*Provided records*
• • • •
Fixpoint teval (rho : nat -> dom I) (t : fterm S) : dom I :=
  match t with
  | Var n => rho n
  | App f args => ifun I f (fun i => teval rho (args i))
  end.

Fixpoint feval (rho : nat -> dom I) (A : fformula S) : R :=
  match A with
  | Atom p args => ipred I p (fun i => teval rho (args i))
  | Bot => 0
  | And B C => Num.min (feval rho B) (feval rho C)
  | Or B C => Num.max (feval rho B) (feval rho C)
  | Imp B C => if feval rho B <= feval rho C then 1 else feval rho C
  | All B => inf (range (fun u => feval (scons _ u rho) B))
  | Ex B => sup (range (fun u => feval (scons _ u rho) B))
  end.

(* value of a sentence (independent of the environment) *)
Definition sval (A : fformula S) : R := feval (fun _ => dom_inh I) A.
End Eval.
Arguments sval {V}.

Definition sat1 (V : set R) (A : fformula S) : Prop :=
  exists I : interp V, sval I A = 1.

Definition csat (A : fformula S) : Prop := sat1 [set x : R | x = 0 \/ x = 1] A.
End Semantics.

Arguments godel_set {R}.
Arguments zero_isolated {R}.
Arguments sat1 {R S}.
Arguments csat R {S}.

(* Collapsing every truth value to 0 or 1 (sending x > 0 to 1) turns a
   V-interpretation into a classical one with the same domain.  This map
   commutes with min, max, Goedel implication and sup, so it commutes with the
   evaluation of quantifier-free formulas and of existential quantifiers.  For
   inf it is only sub-commuting: an infimum 0 of positive values becomes 1.
   Hence on prenex sentences truth value 1 is preserved (everything above the
   quantifier-free matrix only gets larger), and when 0 is isolated in V every
   truth value is either 0 or bounded away from 0, which rules out the bad
   infimum and gives full commutation.  The converse direction is trivial,
   since {0, 1} is contained in V. *)
From Pilot Require Import Defs.
From mathcomp Require Import all_boot all_order all_algebra.
From mathcomp Require Import all_classical all_reals topology normedtype.
Local Open Scope classical_set_scope.
Local Open Scope ring_scope.
Import Order.TTheory GRing.Theory Num.Theory.

Section Crisp.
Context {R : realDomainType}.

Definition crisp (x : R) : R := if 0 < x then 1 else 0.

Lemma crisp_gt0 x : 0 < x -> crisp x = 1.
Proof. by rewrite /crisp => ->. Qed.

Lemma crisp_le0 x : x <= 0 -> crisp x = 0.
Proof. by rewrite /crisp leNgt => /negbTE ->. Qed.

Lemma crisp0 : crisp 0 = 0. Proof. exact: crisp_le0. Qed.
Lemma crisp1 : crisp 1 = 1. Proof. exact: crisp_gt0. Qed.

Lemma crisp_bool x : crisp x = 0 \/ crisp x = 1.
Proof. by rewrite /crisp; case: ifP; [right|left]. Qed.

Lemma le_crisp : {homo crisp : x y / x <= y}.
Proof.
move=> x y xy; rewrite /crisp; case: ifP => hx; case: ifP => hy //.
by rewrite (lt_le_trans hx xy) in hy.
Qed.

Lemma crisp_min x y : crisp (Num.min x y) = Num.min (crisp x) (crisp y).
Proof.
rewrite !minEle; have [xy|/ltW yx] := leP x y; first by rewrite le_crisp.
by case: leP => // cxy; apply/eqP; rewrite eq_le cxy le_crisp.
Qed.

Lemma crisp_max x y : crisp (Num.max x y) = Num.max (crisp x) (crisp y).
Proof.
rewrite !maxEle; have [xy|/ltW yx] := leP x y; first by rewrite le_crisp.
by case: leP => // cxy; apply/eqP; rewrite eq_le cxy le_crisp.
Qed.

Lemma crisp_in01 x : 0 <= crisp x <= 1.
Proof. by case: (crisp_bool x) => ->; rewrite ?lexx ?ler01. Qed.

Lemma crisp_imp x y : 0 <= y ->
  crisp (if x <= y then 1 else y) = if crisp x <= crisp y then 1 else crisp y.
Proof.
move=> y0; have [xy|yx] := leP x y; first by rewrite le_crisp // crisp1.
by rewrite (crisp_gt0 _ (le_lt_trans y0 yx)); case: (crisp_bool y) => ->;
  rewrite ?lexx // ler10.
Qed.
End Crisp.

Section UnitRange.
Context {R : realType} {U : Type} (u0 : U) (f : U -> R).
Hypothesis f01 : forall u, 0 <= f u <= 1.

Let f_ge0 u : 0 <= f u. Proof. by case/andP: (f01 u). Qed.
Let f_le1 u : f u <= 1. Proof. by case/andP: (f01 u). Qed.

Lemma range_neq0 : range f !=set0.
Proof. by exists (f u0), u0. Qed.

Lemma range_sup_ub u : f u <= sup (range f).
Proof.
apply: sup_upper_bound; last by exists u.
by split; [exact: range_neq0 | exists 1 => _ [v _ <-]].
Qed.
Lemma odd_card_crosses (c : pred V) :
  odd #|[set m | crosses c m]| =
    odd (\sum_(v | c v) incidence src tgt v1 v2 v) (+) c v1 (+) c v2.
Proof.
rewrite /incidence !big_split /= !sum_card_fibres !sum_eq_indicator !oddD !oddb.
have -> : odd #|[set m | crosses c m]| =
          odd #|[set y | c (src y)]| (+) odd #|[set y | c (tgt y)]|.
  by rewrite !odd_card_set -big_split; apply: eq_bigr => y _; rewrite /crosses negb_eqb.
by case: (c v1); case: (c v2); rewrite /= ?addbT ?addbF ?negbK.
Qed.

Lemma even_incidence_odd_cut (c : pred V) :
  (forall v, ~~ odd (incidence src tgt v1 v2 v)) -> c v1 -> ~~ c v2 ->
  odd #|[set m | crosses c m]|.
Proof.
move=> even cv1 /negbTE cv2; rewrite odd_card_crosses cv1 cv2 addbT addbF.
by apply: (big_ind (fun n => ~~ odd n)) => // x y ex ey; rewrite oddD (negbTE ex).
Qed.

End Parity.

End Graph.


Theorem lemma7 (V L : finType) (src tgt : L -> V) (v1 v2 : V) :
  v1 != v2 ->
  one_PI src tgt ->
  (forall v : V, ~~ odd (incidence src tgt v1 v2 v)) ->
  forall T : {set L}, spanning_tree src tgt T ->
  forall l : L, (exists theta, is_path src tgt T v1 v2 theta /\ l \in theta) ->
  exists l1 l2 : L,
    [/\ l1 != l2, (l1 \notin T) && (l2 \notin T),
        on_loop src tgt T l1 l /\ on_loop src tgt T l2 l,
        spanning_tree src tgt ((T :\ l) :|: [set l1]) &
        spanning_tree src tgt ((T :\ l) :|: [set l2])].
Proof.
(* v1 != v2 is already forced by l lying on a path from v1 to v2. *)
move=> _ [_ cut_connected] even T treeT l [theta [theta_path l_theta]].
have lT : l \in T by case: theta_path => vs [_ _ _ /allP allT _]; exact: allT.
have [a [b [jl v1a bv2]]] := is_path_split theta_path l_theta.
have nab := tree_cut_disconnected treeT lT jl.
set side := connect (adj src tgt (T :\ l)) a.
set C := [set m | crosses src tgt side m].
have lC : l \in C by rewrite inE (joins_crosses _ jl) /side connect0 (negbTE nab).
have oddC : odd #|C|.
  apply: even_incidence_odd_cut even _ _; first by rewrite /side connect_adj_sym.
  by apply: contra nab => /connect_trans; apply; rewrite connect_adj_sym.
have [l' l'T cl'] := connect_crosses (cut_connected l a b) (connect0 _ a) nab.
have : 1 < #|C :\ l|.
  have : 0 < #|C :\ l|.
    by apply/card_gt0P; exists l'; move: l'T; rewrite !inE cl' !andbT.
  by move: oddC; rewrite (cardsD1 l) lC; case: #|C :\ l| => [|[]].
case/card_gt1P => l1 [l2 [+ + l12]]; rewrite !inE => /andP[l1l c1] /andP[l2l c2].
exists l1, l2; split=> //.
- by rewrite (exchange_notin_tree c1 l1l) (exchange_notin_tree c2 l2l).
- by split; apply: (exchange_on_loop (a := a) treeT).
- exact: (exchange_spanning_tree (a := a) treeT jl).
- exact: (exchange_spanning_tree (a := a) treeT jl).
Qed.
• • • •
*Problem to solve*
The lines you need are those with the word "Import"; list them from the entries.

*Your response*
From Pilot Require Import Defs.
From mathcomp Require Import all_boot all_order all_algebra.
From mathcomp Require Import all_classical all_reals topology normedtype.
Import Order.TTheory GRing.Theory Num.Theory.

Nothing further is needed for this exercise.